Dalam surat edaran tersebut, KPK mendorong peningkatan aspek transparansi sejak awal dan seluruh prosesnya, terkait jumlah kuota penerimaan, kriteria kelulusan calon mahasiswa, kebijakan afirmasi, sumbangan pembangunan institusi, digitalisasi proses penerimaan mahasiswa baru, penentuan kelulusan, serta kanal pengaduan.
Sebelumnya, pelaksana tugas Direktur Penyidikan KPK Achmad Taufik Husein menjelaskan kasus ini berawal dari proses penerimaan mahasiswa baru lewat jalur mandiri oleh pihak Unsoed. KPK menemukan adanya dugaan tindak pidana korupsi berupa pemerasan dan penerimaan lainnya/gratifikasi.
“Sehingga biaya tambahan yang timbul dari pungutan, di luar biaya yang wajib dibayarkan [Uang Kuliah Tunggal (UKT) dan Iuran Pengembangan Institusi (IPI)], dirasa sangat memberatkan bagi calon mahasiswa baru,” ujar dia.

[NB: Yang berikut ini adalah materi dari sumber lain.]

Lemma esumZl (T : choiceType) (S : set T) (a : T -> \bar R) (c : R) :
  (0 <= c)%R -> (forall i, S i -> 0 <= a i) ->
  \esum_(i in S) (c%:E * a i) = c%:E * \esum_(i in S) a i.
Proof.
move=> c0 a0; rewrite esum_mkcond [in RHS]esum_mkcond.
set b := fun i => if i \in S then a i else 0.
have b0 i : 0 <= b i by rewrite /b; case: ifPn => // /set_mem /a0.
rewrite (eq_esum (b := fun i => c%:E * b i)); last first.
  by move=> i _; rewrite /b; case: ifPn; rewrite ?mule0.
rewrite /esum -ereal_supZl//; last first.
  by apply/set0P; exists 0; exists set0; [exact: fsets_set0|rewrite fsbig_set0].
congr ereal_sup; apply/seteqP; split => x /=.
  by move=> [A hA <-]; exists (\sum_(i \in A) b i); [exists A|rewrite ge0_mule_fsumr].
by move=> [_ [B hB <-] <-]; exists B => //; rewrite ge0_mule_fsumr.
Qed.

Lemma esumZr (T : choiceType) (S : set T) (a : T -> \bar R) (c : R) :
  (0 <= c)%R -> (forall i, S i -> 0 <= a i) ->
  \esum_(i in S) (a i * c%:E) = (\esum_(i in S) a i) * c%:E.
Proof.
by move=> c0 a0; rewrite muleC -esumZl//; apply: eq_esum => i _; exact: muleC.
Qed.

Lemma exchange_esum (T1 T2 : choiceType) (I : set T1) (J : set T2)
    (a : T1 -> T2 -> \bar R) :
  (forall i j, I i -> J j -> 0 <= a i j) ->
  \esum_(i in I) \esum_(j in J) a i j = \esum_(j in J) \esum_(i in I) a i j.
Proof.
move=> a0; rewrite (esum_esum (J := fun=> J))//.
rewrite (esum_esum (I := J) (J := fun=> I)); last by move=> j i Jj Ii; exact: a0.
rewrite (reindex_esum (J `*`` fun=> I) (I `*`` fun=> J) (fun x => (x.2, x.1)))//.
split.
- by move=> [i j] [/= ? ?]; split.
- by move=> [i1 i2] [j1 j2] /= _ _ [] -> ->.
- by move=> [i j] [/= Ii Jj]; exists (j, i).
Qed.

Lemma esum_fibers (T1 T2 : choiceType) (S : set T1) (h : T1 -> T2)
    (g : T1 -> \bar R) :
  (forall t, S t -> 0 <= g t) ->
  \esum_(t in S) g t =
  \esum_(w in [set: T2]) \esum_(t in [set t | S t /\ h t = w]) g t.
Proof.
move=> g0; rewrite (esum_esum (I := [set: T2])
  (J := fun w => [set t | S t /\ h t = w]) (a := fun _ t => g t)); last first.
  by move=> i j _ [Sj _]; exact: g0.
rewrite (reindex_esum ([set: T2] `*`` fun w => [set t | S t /\ h t = w]) S
   (fun k => k.2))//.
split.
- by move=> [w t] [_ /= []].
- by move=> [w1 t1] [w2 t2] /set_mem [_ /= [_ e1]] /set_mem [_ /= [_ e2]] /= et; subst.
- by move=> t St; exists (h t, t).
Qed.

Lemma esum_rcons (T : choiceType) (n : nat) (P : seq T -> Prop)
    (f : seq T -> \bar R) :
  (forall s, 0 <= f s) ->
  \esum_(s in [set s | size s = n.+1 /\ P s]) f s =
  \esum_(t in [set t : seq T | size t = n])
     \esum_(z in [set z | P (rcons t z)]) f (rcons t z).
Proof.
move=> f0; rewrite (esum_esum (I := [set t : seq T | size t = n])
  (J := fun t => [set z | P (rcons t z)]) (a := fun t z => f (rcons t z))) //.
rewrite (reindex_esum ([set t : seq T | size t = n] `*`` fun t => [set z | P (rcons t z)])
   [set s | size s = n.+1 /\ P s] (fun k => rcons k.1 k.2))//.
split.
- by move=> [t z] [/= st Pz]; rewrite size_rcons st.
- move=> [t1 z1] [t2 z2] _ _ /= e.
  have := congr1 (@rev T) e; rewrite !rev_rcons => -[-> /(congr1 (@rev T))].
  by rewrite !revK => ->.
- move=> s [ss Ps]; move: ss Ps; case/lastP: s => [//|t z].
  by rewrite size_rcons => -[st] Ps; exists (t, z).
Qed.

Lemma esum_mule_le (T : choiceType) (S : set T) (a : T -> \bar R) (b : \bar R) (s : R) :
  (0 < s)%R -> 0 <= b -> (forall i, S i -> 0 <= a i) ->
  \esum_(i in S) a i <= s%:E -> \esum_(i in S) (a i * b) <= s%:E * b.
Proof.
move=> s_gt0; case: b => [b| |] //= b0 a0 sum_le.
  by rewrite esumZr// lee_wpmul2r.
by rewrite gt0_muley ?lte_fin ?leey.
Qed.

End esum_lemmas.

Lemma expRN_le_fact (R : realType) (t : R) (k : nat) :
  0 < t -> expR (- t) <= k`!%:R / t ^+ k.
Proof.
move=> t0; rewrite expRN -[leRHS]invf_div.
rewrite lef_pV2 ?posrE ?expR_gt0 ?divr_gt0 ?exprn_gt0 ?ltr0n ?fact_gt0//.
case: k => [|k]; first by rewrite expr0 fact0 divr1 ltW ?expR_gt1.
by apply: le_trans (expR_ge1Dxn k (ltW t0)); rewrite lerDr.
Qed.

Lemma ler_nat_sqrt (R : realType) (g k : nat) :
  ((g%:R : R) <= Num.sqrt k%:R) = (g ^ 2 <= k)%N.
Proof. by rewrite -[g%:R]ger0_norm// -sqrtr_sqr ler_sqrt// -natrX ler_nat. Qed.

Section graph_distance.
Variables (V : choiceType) (adj : V -> V -> Prop).

Lemma reach_refl x : reach adj x x 0.
Proof. by exists (fun=> x). Qed.

Lemma reach_rcons x z y m : reach adj x z m -> adj z y -> reach adj x y m.+1.
Proof.
move=> [p [p0 pm hp]] azy.
exists (fun i => if (i <= m)%N then p i else y); split.
- by rewrite leq0n.
- by rewrite ltnn.
- move=> i; rewrite ltnS => im; have [->|neq_im] := eqVneq i m.
    by rewrite leqnn ltnn pm.
  have lt_im : (i < m)%N by rewrite ltn_neqAle neq_im im.
  by rewrite im lt_im; apply: hp.
Qed.

Lemma distK_le (K : set V) x k : K k -> (distK adj K x <= gdist adj x k)%N.
Proof.
move=> Kk.
have ex : exists n, `[< exists k, K k /\ gdist adj x k = n >].
  by exists (gdist adj x k); apply/asboolP; exists k.
case: (ex_minnP ex) => n /asboolP hn hmin.
have [] := xgetPex 0%N (P := [set n | (exists k, K k /\ gdist adj x k = n) /\
   forall k, K k -> (n <= gdist adj x k)%N]); last by move=> _; apply.
by exists n; split => // k' Kk'; apply: hmin; apply/asboolP; exists k'.
Qed.

Lemma gball_sqrt (R : realType) x y n :
  gball adj x (Num.sqrt n%:R : R) y <-> (gdist adj x y ^ 2 <= n)%N.
Proof. by rewrite /gball /= ler_nat_sqrt. Qed.

Hypothesis conn : connected_graph adj.

Lemma gdist_le x y m : reach adj x y m -> (gdist adj x y <= m)%N.
Proof.
have ex : exists n, `[< reach adj x y n >].
  by have [n rn] := conn x y; exists n; apply/asboolP.
case: (ex_minnP ex) => n /asboolP rn hmin.
have [] := xgetPex 0%N (P := [set n | reach adj x y n /\
   forall k, reach adj x y k -> (n <= k)%N]); last by move=> _; apply.
by exists n; split => // k /asboolP /hmin.
Qed.

Lemma gdist_refl x : gdist adj x x = 0%N.
Proof. by apply/eqP; rewrite -leqn0; apply: gdist_le; exact: reach_refl. Qed.

End graph_distance.

Section dyadic_coefficients.
Variables (R : realType) (c3 c4 D : R).
Hypotheses (c3_gt0 : 0 < c3) (c4_gt0 : 0 < c4) (D_gt0 : 0 < D).

(* [gauss_weight j] bounds exp(-d^2 / (c4 i)) as soon as 4^(j-1) i < d^2. *)
Definition gauss_weight (j : nat) : R :=
  if j is j'.+1 then expR (- (4 ^ j')%:R / c4) else 1.

Definition dyadic_coef (j : nat) : R := c3 * gauss_weight j * D ^+ j.

Lemma gauss_weight_gt0 j : 0 < gauss_weight j.
Proof. by case: j => [|j] /=; rewrite ?ltr01 ?expR_gt0. Qed.

Lemma dyadic_coef_gt0 j : 0 < dyadic_coef j.
Proof. by rewrite /dyadic_coef !mulr_gt0 ?gauss_weight_gt0 ?exprn_gt0. Qed.

Lemma gauss_weight_ge (g i j : nat) : (0 < i)%N ->
  (forall k, (k < j)%N -> (4 ^ k * i < g ^ 2)%N) ->
  expR (- g%:R ^+ 2 / (c4 * i%:R)) <= gauss_weight j.
Proof.
move=> i_gt0 below; have c4i_gt0 : 0 < c4 * i%:R by rewrite mulr_gt0 ?ltr0n.
case: j below => [|j] below /=.
  by rewrite expR_le1 mulNr oppr_le0 divr_ge0 ?sqr_ge0 ?ltW.
rewrite ler_expR !mulNr lerN2.
have -> : (4 ^ j)%:R / c4 = (4 ^ j * i)%N%:R / (c4 * i%:R).
  by rewrite natrM invfM (mulrC c4^-1) mulrA mulfK ?pnatr_eq0 -?lt0n.
by rewrite ler_pM2r ?invr_gt0// -natrX ler_nat ltnW ?below.
Qed.

(* Choosing 4^k >= 2 D, the bound exp(-t) <= k! / t^k with t = 4^(j-1) / c4
   beats the growth of D^j by a factor 2^-j. *)
Lemma dyadic_coef_le_geometric :
  exists2 A : R, 0 < A & forall j, dyadic_coef j <= A * 2^-1 ^+ j.
Proof.
have [k D_le] : exists k : nat, 2 * D <= 4 ^+ k.
  set n := Num.Def.archi_bound (2 * D).
  have D_lt : 2 * D < n%:R by apply: archi_boundP; rewrite mulr_ge0// ltW.
  exists n; apply/ltW/(lt_le_trans D_lt).
  by rewrite -natrX ler_nat ltnW// ltn_expl.
set B := k`!%:R * (4 * c4) ^+ k.
have B_ge0 : 0 <= B by rewrite mulr_ge0 ?exprn_ge0 ?mulr_ge0 ?ltW.
exists (c3 * (1 + B)) => [|j]; first by rewrite mulr_gt0// ltr_pwDl.
rewrite exprVn ler_pdivlMr ?exprn_gt0// /dyadic_coef -!mulrA ler_pM2l//.
case: j => [|j]; first by rewrite /= !expr0 !mul1r lerDl.
set t := (4 ^ j)%:R / c4.
have t_gt0 : 0 < t by rewrite divr_gt0 ?ltr0n ?expn_gt0.
have gauss_le : gauss_weight j.+1 <= k`!%:R / t ^+ k.
  by rewrite [gauss_weight _]/= mulNr -/t; exact: expRN_le_fact.
have pow_le : D ^+ j.+1 * 2 ^+ j.+1 <= (4 ^+ k) ^+ j.+1.
  by rewrite -exprMn mulrC lerXn2r// nnegrE ?exprn_ge0// mulr_ge0// ltW.
apply: le_trans (ler_pM (ltW (gauss_weight_gt0 _)) _ gauss_le pow_le) _.
  by rewrite mulr_ge0 ?exprn_ge0 ?ltW.
have -> : (4 ^+ k) ^+ j.+1 = 4 ^+ k * t ^+ k * c4 ^+ k :> R.
  rewrite -mulrA -exprMn /t divfK ?gt_eqF// natrX -!exprM -exprD.
  by rewrite mulnS [(k * j)%N]mulnC.
have tk_neq0 : t ^+ k != 0 by rewrite expf_neq0 ?gt_eqF.
rewrite ler_wpDl//.
by rewrite [4 ^+ k * _]mulrC -!mulrA mulKf// /B exprMn.
Qed.

Lemma esum_dyadic_coef_le :
  exists2 S : R, 0 < S & (\esum_(j in [set: nat]) (dyadic_coef j)%:E <= S%:E)%E.
Proof.
have [A A_gt0 geo] := dyadic_coef_le_geometric.
have half_lt1 : (2^-1 : R) < 1 by rewrite invf_lt1 ?ltr1n.
have half_gt0 : (0 : R) < 2^-1 by rewrite invr_gt0.
exists (A * (1 - 2^-1)^-1); first by rewrite mulr_gt0 ?invr_gt0 ?subr_gt0.
rewrite -nneseries_esumT; last by move=> j; rewrite lee_fin ltW ?dyadic_coef_gt0.
apply: lime_le; first by apply: is_cvg_nneseries => j _ _; rewrite lee_fin ltW ?dyadic_coef_gt0.
apply: nearW => N; rewrite sumEFin lee_fin.
apply: le_trans (geometric_le_lim N (ltW A_gt0) half_gt0 _); last by rewrite gtr0_norm.
by rewrite /series /=; apply: ler_sum => j _; exact: geo.
Qed.

End dyadic_coefficients.

Section random_walk.
Variables (R : realType) (V : choiceType) (adj : V -> V -> Prop)
  (mu : V -> V -> R) (pi : V -> R).
Hypotheses (wg : weighted_graph adj mu pi) (cw : controlled_weights adj mu pi)
  (ul : uniformly_lazy adj mu pi).
Local Notation P := (Kker adj mu pi).
Local Notation Pn := (Kpow adj mu pi).
Local Notation Vb := (Vball adj pi).
Local Notation sq n := (Num.sqrt (n%:R : R)).

Lemma pi_gt0 x : 0 < pi x.
Proof. by case: wg => _ [_ [_ [_ [_ [_ [pi0 _]]]]]]. Qed.

Lemma adj_sym x y : adj x y -> adj y x.
Proof. by case: wg => _ [_ [sym _]]; apply: sym. Qed.

Lemma graph_connected : connected_graph adj.
Proof. by case: wg => _ [_ [_ [conn _]]]. Qed.

Lemma mu_neq0_adj x y : mu x y != 0 -> adj x y.
Proof. by case: wg => _ [_ [_ [_ [_ [supp _]]]]] /supp. Qed.

Lemma mu_eq0 x y : ~ adj x y -> mu x y = 0.
Proof. by move=> nxy; have [//|/mu_neq0_adj/nxy] := eqVneq (mu x y) 0. Qed.

Lemma nbr_sum_le x : (nbr_sum adj mu x <= (pi x)%:E)%E.
Proof. by case: wg => _ [_ [_ [_ [_ [_ [_ le_pi]]]]]]. Qed.

Lemma mu_ge0 x y : 0 <= mu x y.
Proof.
have [axy|naxy] := pselect (adj x y); last by rewrite mu_eq0.
case: cw => Cc [Cc1 lowb]; have Cc0 : 0 < Cc := lt_trans ltr01 Cc1.
have inv_gt0 : 0 < 1 / Cc by rewrite divr_gt0.
have := lt_le_trans inv_gt0 (lowb _ _ axy).
by rewrite pmulr_lgt0 ?invr_gt0 ?pi_gt0 // => /ltW.
Qed.

Lemma Kker_offdiag x y : x != y -> P x y = mu x y / pi x.
Proof. by rewrite /Kker => /negPf ->. Qed.

Lemma Kker_diag_gt0 x : 0 < P x x.
Proof. by case: ul => Ce [Ce0 _ lazy]; exact: lt_le_trans Ce0 (lazy x). Qed.

Lemma Kker_ge0 x y : 0 <= P x y.
Proof.
have [<-|xy] := eqVneq x y; first exact/ltW/Kker_diag_gt0.
by rewrite Kker_offdiag// divr_ge0 ?mu_ge0 ?ltW ?pi_gt0.
Qed.

Lemma Kker_neq0_adj x y : x != y -> P x y != 0 -> adj x y.
Proof.
move=> xy; rewrite Kker_offdiag//; apply: contraNP => nxy.
by rewrite mu_eq0// mul0r.
Qed.

Lemma Kker_row_le1 x : (\esum_(y in [set: V]) (P x y)%:E <= 1)%E.
Proof.
have P0 y : (0 <= (P x y)%:E)%E by rewrite lee_fin Kker_ge0.
rewrite (esumID [set x]) // !setTI esum_set1//.
have nbr0 : (0 <= nbr_sum adj mu x)%E by apply: esum_ge0 => y _; rewrite lee_fin mu_ge0.
have offdiag : (\esum_(y in ~` [set x]) (P x y)%:E <=
    (pi x)^-1%:E * nbr_sum adj mu x)%E.
  rewrite (eq_esum (b := fun y => ((pi x)^-1%:E * (mu x y)%:E)%E)); last first.
    by move=> y /eqP; rewrite eq_sym => /Kker_offdiag ->; rewrite -EFinM mulrC.
  have pi_inv_ge0 : 0 <= (pi x)^-1 by rewrite invr_ge0 ltW ?pi_gt0.
  have mu0 y : (0 <= (mu x y)%:E)%E by rewrite lee_fin mu_ge0.
  rewrite esumZl//; apply: lee_wpmul2l; first by rewrite lee_fin.
  rewrite (esumID [set y | adj x y])// [X in (_ + X)%E]esum1 ?adde0; last first.
    by move=> y [_ /mu_eq0 ->].
  by apply: le_esum_subset => // y [].
apply: le_trans (leeD2l _ offdiag) _.
rewrite -(fineK_le nbr0 (nbr_sum_le x)) /Kker eqxx -EFinM -EFinD lee_fin.
by rewrite mulrC subrK.
Qed.

Lemma Kpow_ge0 n x y : (0 <= Pn n x y)%E.
Proof.
elim: n y => [|n IH] y /=; first by rewrite lee_fin; case: eqP.
by apply: esum_ge0 => z _; rewrite mule_ge0 ?lee_fin ?Kker_ge0.
Qed.

Lemma Kpow_row_le1 n x : (\esum_(y in [set: V]) Pn n x y <= 1)%E.
Proof.
elim: n => [|n IH] /=.
  rewrite (esumID [set x]); last by move=> y _; rewrite lee_fin; case: eqP.
  rewrite setTI esum_set1 ?eqxx// esum1 ?adde0// => y [_ /eqP].
  by rewrite eq_sym => /negPf ->.
rewrite exchange_esum; last by move=> z y _ _; rewrite mule_ge0 ?Kpow_ge0 ?lee_fin ?Kker_ge0.
apply: le_trans (IH); apply: le_esum => z _.
have Pn_le1 : (Pn n x z <= 1)%E.
  by apply: le_trans IH; apply: (le_term_esum (a := Pn n x)) => // *; exact: Kpow_ge0.
rewrite -(fineK_le (Kpow_ge0 n x z) Pn_le1) esumZl ?fine_ge0 ?Kpow_ge0//; last first.
  by move=> y _; rewrite lee_fin Kker_ge0.
by rewrite -[leRHS]mule1 lee_wpmul2l ?Kker_row_le1// lee_fin fine_ge0 ?Kpow_ge0.
Qed.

Diketahui, di Fakultas Kedokteran Unsoed, rentang UKT-nya mulai dari Rp7,1 juta hingga Rp17 juta. Sementara rentang IPI pada Fakultas Kedokteran mulai dari Rp100 juta (IPI 1) sampai Rp260 juta (IPI 4).
Taufik mengungkapkan kasus korupsi di Unsoed terbagi menjadi tiga klaster. Klaster pertama, Wakil Rektor III Bidang Kemahasiswaan Unsoed Norman Arie Prayogo diduga meminta uang senilai Rp650 juta ke orang tua calon mahasiswa Fakultas Kedokteran yang masuk melalui jalur mandiri.
Sementara pada klaster kedua, pada seleksi penerimaan mahasiswa baru tahun 2025 dan 2026 jalur mandiri, Rektor Unsoed Akhmad Sodiq memberikan perintah kepada Mulyono dengan kode ‘jangan diminta di awal, jika dikasih bilang terima kasih’.
Adapun klaster ketiga, selama periode yang sama, Eko Sumanto selaku Kepala Bagian Akademik Unsoed berkomunikasi dengan salah satu pihak pengepul para calon mahasiswa baru di Unsoed.
Eko Sumanto atas sepengetahuan Akhmad Sodiq melakukan ‘tawar-menawar mahar’ dengan pihak pengepul dalam proses penerimaan mahasiswa baru jalur mandiri.